Lemma iid_prob_all_in (R : realType) (d : measure_display) (Om : measurableType d)
  (P : probability Om R) (n N : nat) (w : nat -> Om -> 'rV[R]_n)
  (Pw : probability (Bvec R n) R) (E : set 'rV[R]_n) k :
  iid_disturbances P N w Pw -> borel_set E ->
  P [set om | forall t, (k <= t < N)%N -> E (w t om)] = (fine (Pw E) ^+ (N - k))%:E.
Proof.
move=> [_ [law indep]] mE.
have -> : [set om | forall t, (k <= t < N)%N -> E (w t om)] =
    \big[setI/setT]_(k <= t < N) (w t @^-1` E).
  rewrite -bigcap_seq; apply/seteqP; split=> om /= Eom t tkN; apply: Eom;
    by move: tkN; rewrite /= ?inE mem_index_iota.
rewrite indep ?iota_uniq //; last first.
  by apply/allP => t; rewrite mem_index_iota => /andP[].
rewrite -prodr_const_nat -prodEFin; apply: eq_big_nat => t /andP[_ tN].
by rewrite law // fineK // fin_num_measure.
Qed.

Lemma cond_prob_supset (R : realType) (d : measure_display) (Om : measurableType d)
  (P : probability Om R) (A B : set Om) :
  B `<=` A -> fine (P B) != 0 -> cond_prob P A B = 1.
Proof. by move=> BA PB0; rewrite /cond_prob setIidr // divff. Qed.

Theorem proposition1
  (R : realType) (n m N : nat)
  (X : set 'rV[R]_n) (U : set 'rV[R]_m) (W : set 'rV[R]_n)
  (f : nat -> 'rV[R]_n -> 'rV[R]_m -> 'rV[R]_n)
  (T : nat -> set 'rV[R]_n)
  (d : measure_display) (Om : measurableType d) (P : probability Om R)
  (w : nat -> Om -> 'rV[R]_n) (Pw : probability (Bvec R n) R)
  (E : set 'rV[R]_n) (mu : nat -> 'rV[R]_n -> 'rV[R]_m) :
  (0 < N)%N ->
  (* standing assumptions on the system *)
  W 0 ->
  (forall k x u, X x -> U u -> X (f k x u)) ->
  (forall k x u v, X x -> U u -> W v -> X (f k x u + v)) ->
  (forall k, (k <= N)%N -> T k `<=` X) ->
  (* i.i.d. absolutely continuous disturbances with law Pw on W *)
  borel_set W -> Pw W = 1%E -> abs_continuous Pw ->
  iid_disturbances P N w Pw ->
  (* hypotheses of the proposition *)
  (forall k, (k <= N)%N -> closed (T k)) ->
  compact U ->
  (forall k, (k < N)%N -> {within X `*` U, continuous (fun p => f k p.1 p.2)}) ->
  E `<=` W -> borel_set E -> (0 < Pw E)%E ->
  (* pi* = [mu_0, ..., mu_{N-1}] : Borel-measurable minimizers of the min-max recursion *)
  (forall k, (k < N)%N -> borel_fun (mu k)) ->
  (forall k x, (k < N)%N -> X x ->
     U (mu k x) /\
     Jstar U f N T E k x =
       ereal_sup [set (Jstar U f N T E k.+1 (f k x (mu k x) + v) + (stage_cost T k x)%:E)%E
                 | v in E]) ->
  forall k, (k < N)%N ->
  forall y, reach_set X U f N T E k y ->
  cond_prob P
    [set om | forall t, (k < t <= N)%N -> T t (traj f mu k y (fun s => w s om) (t - k))]
    [set om | forall t, (k <= t < N)%N -> E (w t om)]
  = 1.
Proof.
(* Closedness, compactness, continuity and measurability only serve, in the
   paper, to guarantee that Borel minimizers [mu] exist; here they are given. *)
move=> _ _ _ f_XW T_subX _ _ _ iid_w _ _ _ E_subW mE PwE_gt0 _ mu_min k kN y reach_y.
have E_neq0 : E !=set0.
  by apply/set0P; apply: contraTneq PwE_gt0 => ->; rewrite measure0 ltxx.
have f_XE k' x u v : X x -> U u -> E v -> X (f k' x u + v).
  by move=> Xx Uu /E_subW; apply: f_XW.
apply: cond_prob_supset => [om Eom|].
  exact: (reach_set_traj_safe E_neq0 T_subX f_XE mu_min kN reach_y Eom).
rewrite (iid_prob_all_in _ iid_w mE) /= expf_neq0 // gt_eqF // fine_gt0 //.
by rewrite PwE_gt0 ltey_eq fin_num_measure.
Qed.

**TASK REQUIREMENTS**
In the listing above, find the line containing "(forall k x u v, X" and the line containing "Jstar U f N T E k x", then quote both, plus every line between them, exactly as written.

**EXERCISE SOLUTION**
  (forall k x u v, X x -> U u -> W v -> X (f k x u + v)) ->
  (forall k, (k <= N)%N -> T k `<=` X) ->
  (* i.i.d. absolutely continuous disturbances with law Pw on W *)
  borel_set W -> Pw W = 1%E -> abs_continuous Pw ->
  iid_disturbances P N w Pw ->
  (* hypotheses of the proposition *)
  (forall k, (k <= N)%N -> closed (T k)) ->
  compact U ->
  (forall k, (k < N)%N -> {within X `*` U, continuous (fun p => f k p.1 p.2)}) ->
  E `<=` W -> borel_set E -> (0 < Pw E)%E ->
  (* pi* = [mu_0, ..., mu_{N-1}] : Borel-measurable minimizers of the min-max recursion *)
  (forall k, (k < N)%N -> borel_fun (mu k)) ->
  (forall k x, (k < N)%N -> X x ->
     U (mu k x) /\
     Jstar U f N T E k x =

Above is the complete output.